Question

A uniform solid sphere of mass $1kg$ and radius $10cm$ is kept stationary on a rough inclined plane by fixing a highly dense particle at $B$. Inclination of the plane is ${37^o}$ with horizontal and $AB$ is the diameter of the sphere which is parallel to the plane, as shown in the figure. Then,

A. Mass of the particle fixes at $B$ is $4kg$
B. Mass of the particle fixes at $B$ is $3kg$
C. Minimum required coefficient of friction between sphere and the plane to keep in equilibrium is ${\mu _{\min }} = 0.75$
D. Minimum required coefficient of friction between sphere and the plane to keep in equilibrium is ${\mu _{\min }} = 0.5$

Answer 1

Hint: This is a great question as per standards. First we have to assume the mass of the particle. Then we have to make the free body diagram and mention all the forces. After than to obtain the limiting condition of friction, we have to find the forces along the normal and along the plane. Then we can just put them under the formula and then get the answer.

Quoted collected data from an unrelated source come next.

(* Everything happens in the R-span of the wedge products v_1 /\ ... /\ v_k of degree-one
   elements whose coefficient vectors are relations of I/a, i.e. [\sum_i v_i f_i \in a].
   This span is a subalgebra containing the zeta_j and the degree-one cycles, and its top
   degree is spanned by determinants of r x r relation matrices, which generate Fitt_0(I/a).
   Conversely, if [\sum_i v_i f_i = \sum_j b_j a_j] then v - \sum_j b_j zeta_j is a cycle, so
   a wedge of r relations expands into products of zetas and degree-one cycles, the zetas
   being moved to the front by graded commutativity.  For Kitt, products of degree-one
   cycles are cycles by the Leibniz rule. *)

Section FinsetFacts.
Variable T : finType.
Implicit Types A B C : {set T}.

Lemma disjoint_setUl A B C :
  [disjoint A :|: B & C] = [disjoint A & C] && [disjoint B & C].
Proof. by rewrite -!setI_eq0 setIUl setU_eq0. Qed.

Lemma disjoint_setUr A B C :
  [disjoint C & A :|: B] = [disjoint C & A] && [disjoint C & B].
Proof. by rewrite -!setI_eq0 setIUr setU_eq0. Qed.

End FinsetFacts.

Lemma card_ord_lt n (a : 'I_n) : #|[set b : 'I_n | (b < a)%N]| = a.
Proof.
have le_an : (a <= n)%N by apply: ltnW.
have inj_widen : injective (widen_ord le_an) by move=> b c /(congr1 val) /= /val_inj.
rewrite -[RHS]card_ord -cardsT -(card_imset _ inj_widen).
apply: eq_card => b; rewrite inE; apply/idP/imsetP => [lt_ba|[c _ ->] /=]; last exact: ltn_ord.
by exists (Ordinal lt_ba); [rewrite inE | apply: val_inj].
Qed.

Section ExteriorAlgebra.
Variables (R : comPzRingType) (r : nat).
Local Notation E := (ext R r).
Local Notation T := {set 'I_r}.
Implicit Types (x y z : E) (S U V W : T).

Definition inversions S U : nat :=
  #|[set p : 'I_r * 'I_r | [&& p.1 \in S, p.2 \in U & (p.2 < p.1)%N]]|.

Lemma wsignE S U : wsign R S U = (-1) ^+ inversions S U.
Proof. by []. Qed.

Lemma inversions0l U : inversions set0 U = 0%N.
Proof. by apply/eqP; rewrite cards_eq0; apply/eqP/setP => p; rewrite !inE. Qed.

Lemma inversions0r U : inversions U set0 = 0%N.
Proof. by apply/eqP; rewrite cards_eq0; apply/eqP/setP => p; rewrite !inE andbF. Qed.

Lemma inversionsUl S V U : [disjoint S & V] ->
  inversions (S :|: V) U = (inversions S U + inversions V U)%N.
Proof.
move=> dSV; rewrite /inversions -cardsUI; set C := _ :&: _.
have -> : C = set0.
  apply/setP => p; rewrite !inE.
  by case pS: (p.1 \in S); rewrite //= (disjointFr dSV pS) andbF.
by rewrite cards0 addn0; apply: eq_card => p; rewrite !inE andb_orl.
Qed.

Complete step by step answer:
Firstly we have to sort out what we have got :
Mass of uniform solid sphere : $1kg$
Radius of uniform solid sphere : $10cm$
Inclination of the plane : ${37^o}$
Step1: We have to assume the mass of the particle as $m$. Now, it is most important to make the free body diagram of the system with all the forces mentioned so that we can work on the forces.

By the system we can observe that the given system is in a state of equilibrium, thus the net torque would be zero.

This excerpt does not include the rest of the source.